AVAILABLE DATA Block Start

(* Let $h:\mathbb{R}^n \to \mathcal{Y}$ be a model with $\mathcal{Y} = \{\pm 1\}$, let $x\sim D$, let $g_1,g_2:\mathcal{X}\times\mathcal{Y} \to G$ be two EFs, and let $\epsilon,\epsilon_0,\epsilon_1,\alpha>0$ be constants. Assume that $g_1(x,h(x))$ and $g_2(x,h(x))$ $\epsilon$-intersect and denote by $\hat{g}(x,h(x))$ their $\epsilon$-union. If $g_1$ (or $g_2$) is $\epsilon_0$-valid with respect to $h$, then $\hat{g}$ is $\epsilon_0$-valid as well. Additionally, if $g_1$ (or $g_2$) is $(\epsilon_1,\alpha)$-complete with respect to $h$, then $\hat{g}$ is also $(\epsilon_1,\alpha)$-complete.
   Context: $D$ is a distribution supported on a discrete set $\mathcal{X}\subseteq\mathbb{R}^n$; $I(\cdot;\cdot)$ is Shannon mutual information of random variables that are functions of $x\sim D$; $\ell$ is a fixed loss function on $\mathcal{Y}\times\mathcal{Y}$. A function $q$ of $(x,h(x))$ with values in a set $Q$ is $\epsilon_0$-valid with respect to $h$ if there is $t:Q\to\mathcal{Y}$ with $\mathbb{E}_x[\ell(t(q(x,h(x))),h(x))]\le\epsilon_0$. Such $q$ is $(\epsilon_1,\alpha)$-complete with respect to $h$ if for every $d$, every $\bar g:\mathcal{X}\to\mathbb{R}^d$ with $I(q(x,h(x));\bar g(x))\le\epsilon_1$, and every $s:\mathbb{R}^d\to\mathcal{Y}$, $\mathbb{E}_x[\ell(s(\bar g(x)),h(x))]\ge\alpha$. Random variables $f_1(x)\in\mathcal{X}_1$, $f_2(x)\in\mathcal{X}_2$ $\epsilon$-intersect if there are invertible functions $r_1:\mathcal{X}_1\to\mathcal{V}_1$, $r_2:\mathcal{X}_2\to\mathcal{V}_2$ with $r_1(f_1(x))=(e_1(x),u(x))$ and $r_2(f_2(x))=(e_2(x),u(x))$, where $I(e_i(x);f_j(x))\le\epsilon$ for $i\neq j\in\{1,2\}$; $u(x)$ is the $\epsilon$-intersection and $(e_1(x),u(x),e_2(x))$ the $\epsilon$-union of $f_1(x)$ and $f_2(x)$. *)

From HB Require Import structures.
From mathcomp Require Import all_boot all_order all_algebra.
From mathcomp Require Import all_classical all_reals all_analysis.
Set Implicit Arguments. Unset Strict Implicit. Unset Printing Implicit Defensive.
Import Order.TTheory GRing.Theory Num.Theory.
Local Open Scope classical_set_scope.
Local Open Scope ring_scope.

AVAILABLE DATA Block End

__WHAT TO WORK ON__:
Beginning with the first line and ending with the last, copy the material above exactly.

__ANSWER BOX__:
(* Let $h:\mathbb{R}^n \to \mathcal{Y}$ be a model with $\mathcal{Y} = \{\pm 1\}$, let $x\sim D$, let $g_1,g_2:\mathcal{X}\times\mathcal{Y} \to G$ be two EFs, and let $\epsilon,\epsilon_0,\epsilon_1,\alpha>0$ be constants. Assume that $g_1(x,h(x))$ and $g_2(x,h(x))$ $\epsilon$-intersect and denote by $\hat{g}(x,h(x))$ their $\epsilon$-union. If $g_1$ (or $g_2$) is $\epsilon_0$-valid with respect to $h$, then $\hat{g}$ is $\epsilon_0$-valid as well. Additionally, if $g_1$ (or $g_2$) is $(\epsilon_1,\alpha)$-complete with respect to $h$, then $\hat{g}$ is also $(\epsilon_1,\alpha)$-complete.
   Context: $D$ is a distribution supported on a discrete set $\mathcal{X}\subseteq\mathbb{R}^n$; $I(\cdot;\cdot)$ is Shannon mutual information of random variables that are functions of $x\sim D$; $\ell$ is a fixed loss function on $\mathcal{Y}\times\mathcal{Y}$. A function $q$ of $(x,h(x))$ with values in a set $Q$ is $\epsilon_0$-valid with respect to $h$ if there is $t:Q\to\mathcal{Y}$ with $\mathbb{E}_x[\ell(t(q(x,h(x))),h(x))]\le\epsilon_0$. Such $q$ is $(\epsilon_1,\alpha)$-complete with respect to $h$ if for every $d$, every $\bar g:\mathcal{X}\to\mathbb{R}^d$ with $I(q(x,h(x));\bar g(x))\le\epsilon_1$, and every $s:\mathbb{R}^d\to\mathcal{Y}$, $\mathbb{E}_x[\ell(s(\bar g(x)),h(x))]\ge\alpha$. Random variables $f_1(x)\in\mathcal{X}_1$, $f_2(x)\in\mathcal{X}_2$ $\epsilon$-intersect if there are invertible functions $r_1:\mathcal{X}_1\to\mathcal{V}_1$, $r_2:\mathcal{X}_2\to\mathcal{V}_2$ with $r_1(f_1(x))=(e_1(x),u(x))$ and $r_2(f_2(x))=(e_2(x),u(x))$, where $I(e_i(x);f_j(x))\le\epsilon$ for $i\neq j\in\{1,2\}$; $u(x)$ is the $\epsilon$-intersection and $(e_1(x),u(x),e_2(x))$ the $\epsilon$-union of $f_1(x)$ and $f_2(x)$. *)

From HB Require Import structures.
From mathcomp Require Import all_boot all_order all_algebra.
From mathcomp Require Import all_classical all_reals all_analysis.
Set Implicit Arguments. Unset Strict Implicit. Unset Printing Implicit Defensive.
Import Order.TTheory GRing.Theory Num.Theory.
Local Open Scope classical_set_scope.
Local Open Scope ring_scope.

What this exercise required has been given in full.